* **What is expected**
Report each line of the records where "Lemma" occurs.

* **Input records**
<<<<

(* f induces isomorphisms on homology at every degree j:
   H_j = ker (d j (j-1)) / im (d (j+1) j). *)
Definition hiso (a b : int -> nat) (dX : forall i j, 'M['F_2]_(a i, a j))
  (dY : forall i j, 'M['F_2]_(b i, b j)) (f : forall i, 'M['F_2]_(a i, b i)) :=
  forall j : int,
    (forall x : 'rV['F_2]_(a j), x *m dX j (j - 1) = 0 ->
       (exists y, x *m f j = y *m dY (j + 1) j) -> exists z, x = z *m dX (j + 1) j) /\
    (forall y : 'rV['F_2]_(b j), y *m dY j (j - 1) = 0 ->
       exists x z, x *m dX j (j - 1) = 0 /\ y = x *m f j + z *m dY (j + 1) j).

Definition is_chain (C D : cplx) (fT : forall i, 'M['F_2]_(dT (ob C i), dT (ob D i)))
  (fB : forall i, 'M['F_2]_(dB (ob C i), dB (ob D i))) :=
  (forall i, is_hom (fT i) (fB i)) /\
  (forall i j, dTh C i j *m fT j = fT i *m dTh D i j /\ dBu C i j *m fB j = fB i *m dBu D i j).

Definition qiso (C D : cplx) : Prop :=
  exists fT fB, @is_chain C D fT fB /\
    hiso (dTh C) (dTh D) fT /\ hiso (dBu C) (dBu D) fB.

Definition dIso : relation cplx := clos_refl_sym_trans cplx qiso.

From mathcomp Require Import all_boot all_algebra zify.
From Stdlib Require Import Relations.
Set Implicit Arguments. Unset Strict Implicit. Unset Printing Implicit Defensive.
Import GRing.Theory Num.Theory.
Local Open Scope ring_scope.

(* The complexes in the statement are strings of copies of H and F joined by the
   canonical maps p and u. Dualising reverses such a string and fixes F and u, but
   turns H into O = H^op, which is not isomorphic to H. So (a) is an isomorphism of
   complexes after relabelling, while (b) and (c) need quasi-isomorphisms. These come
   from the exact sequence 0 -> H -> F -> F -> O -> 0 (maps p, u, p^vee), which lets
   an end O of a string be traded for H -> F -> F and an end H for F -> F -> O; the
   chain maps are the identity (or zero) away from one degree, where they are p, u
   or p^vee.
   Whether such a map is an isomorphism on homology in degree j only depends on
   degrees j-1, j, j+1, where all spaces have dimension at most 2 over F_2, so it is
   decided by enumerating vectors. *)

Definition vec1 (a : 'F_2) : 'rV['F_2]_1 := \row_(j < 1) a.
Definition vec2 (a b : 'F_2) : 'rV['F_2]_2 :=
  \row_(j < 2) (if (j : nat) == 0%N then a else b).

Lemma F2_cases (a : 'F_2) : a = 0 \/ a = 1.
Proof. by case: a => -[|[|]] // h; [left|right]; apply: val_inj. Qed.

Lemma rowF2_0 (x : 'rV['F_2]_0) : x = 0.
Proof. by apply/matrixP => i []. Qed.

Lemma rowF2_1 (x : 'rV['F_2]_1) : x = vec1 0 \/ x = vec1 1.
Proof.
by case: (F2_cases (x 0 0)) => h; [left|right]; apply/matrixP => i j; rewrite !mxE !ord1.
Qed.

Lemma rowF2_2 (x : 'rV['F_2]_2) :
  [\/ x = vec2 0 0, x = vec2 0 1, x = vec2 1 0 | x = vec2 1 1].
Proof.
have -> : x = vec2 (x 0 0) (x 0 1).
  by apply/matrixP => i [[|[|]] //= k]; rewrite !mxE ord1; congr (x _ _); apply: val_inj.
by case: (F2_cases (x 0 0)) => ->; case: (F2_cases (x 0 1)) => ->; constructor.
Qed.

Ltac mx_eval := apply/matrixP=> i j; rewrite ?mxE ?big_ord_recl ?big_ord0 ?mxE /=;
  repeat match goal with i : 'I_ _ |- _ => let k := fresh in case: i => -[|[|[|]]] k //= end;
  by apply/eqP.

Ltac enum_row x :=
  first [ rewrite (rowF2_0 x) | case: (rowF2_1 x) => -> | case: (rowF2_2 x) => -> ].

Ltac absurd_mx := let H := fresh in move=> /matrixP H; exfalso;
  first [ move: (H ord0 ord0); rewrite !mxE ?big_ord_recl ?big_ord0 ?mxE /=; move/eqP; by []
        | move: (H ord0 (@Ordinal 2 1 isT));
          rewrite !mxE ?big_ord_recl ?big_ord0 ?mxE /=; move/eqP; by [] ].

Ltac intro_eq_or_absurd := first [ absurd_mx | move=> _ ].

Ltac exists_row k :=
  first [ exists 0; k | exists (vec1 0); k | exists (vec1 1); k
        | exists (vec2 0 0); k | exists (vec2 0 1); k | exists (vec2 1 0); k
        | exists (vec2 1 1); k ].

Inductive ekind := EZ | EH | EF | EO.

(* O = H^op: both spaces F_2, t = 1, p^* = 0, p_* = 1. *)
Definition Omod : Z2Mod := dualM Hmod.

Definition modE (e : ekind) : Z2Mod :=
  match e with EZ => Zmod | EH => Hmod | EF => Fmod | EO => Omod end.

Definition toE (a : kind) : ekind := match a with KZ => EZ | KH => EH | KF => EF end.
Definition dualE (a : kind) : ekind := match a with KZ => EZ | KH => EO | KF => EF end.

(* Besides the maps of [canonT], the duals F -> O and O -> F of p : H -> F and p : F -> H. *)
Definition ecanT (a c : ekind) : 'M['F_2]_(dT (modE a), dT (modE c)) :=
  match a, c with
  | EH, EF => ones 1 2
  | EF, EH => ones 2 1
  | EF, EF => 1%:M + sw
  | EO, EF => ones 1 2
  | EF, EO => ones 2 1
  | _, _ => 0
  end.
Definition ecanB (a c : ekind) : 'M['F_2]_(dB (modE a), dB (modE c)) :=
  match a, c with
  | EH, EF => 1%:M
  | EF, EO => 1%:M
  | _, _ => 0
  end.

Lemma ecan_hom a c : is_hom (ecanT a c) (ecanB a c).
Proof. by case: a; case: c; split; mx_eval. Qed.

Definition ebad (a b c : ekind) :=
  match a, b, c with EF, EH, EF | EF, EO, EF | EH, EF, EO => true | _, _, _ => false end.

>>>>

* **Answer area**
Lemma F2_cases (a : 'F_2) : a = 0 \/ a = 1.
Lemma rowF2_0 (x : 'rV['F_2]_0) : x = 0.
Lemma rowF2_1 (x : 'rV['F_2]_1) : x = vec1 0 \/ x = vec1 1.
Lemma rowF2_2 (x : 'rV['F_2]_2) :
Lemma ecan_hom a c : is_hom (ecanT a c) (ecanB a c).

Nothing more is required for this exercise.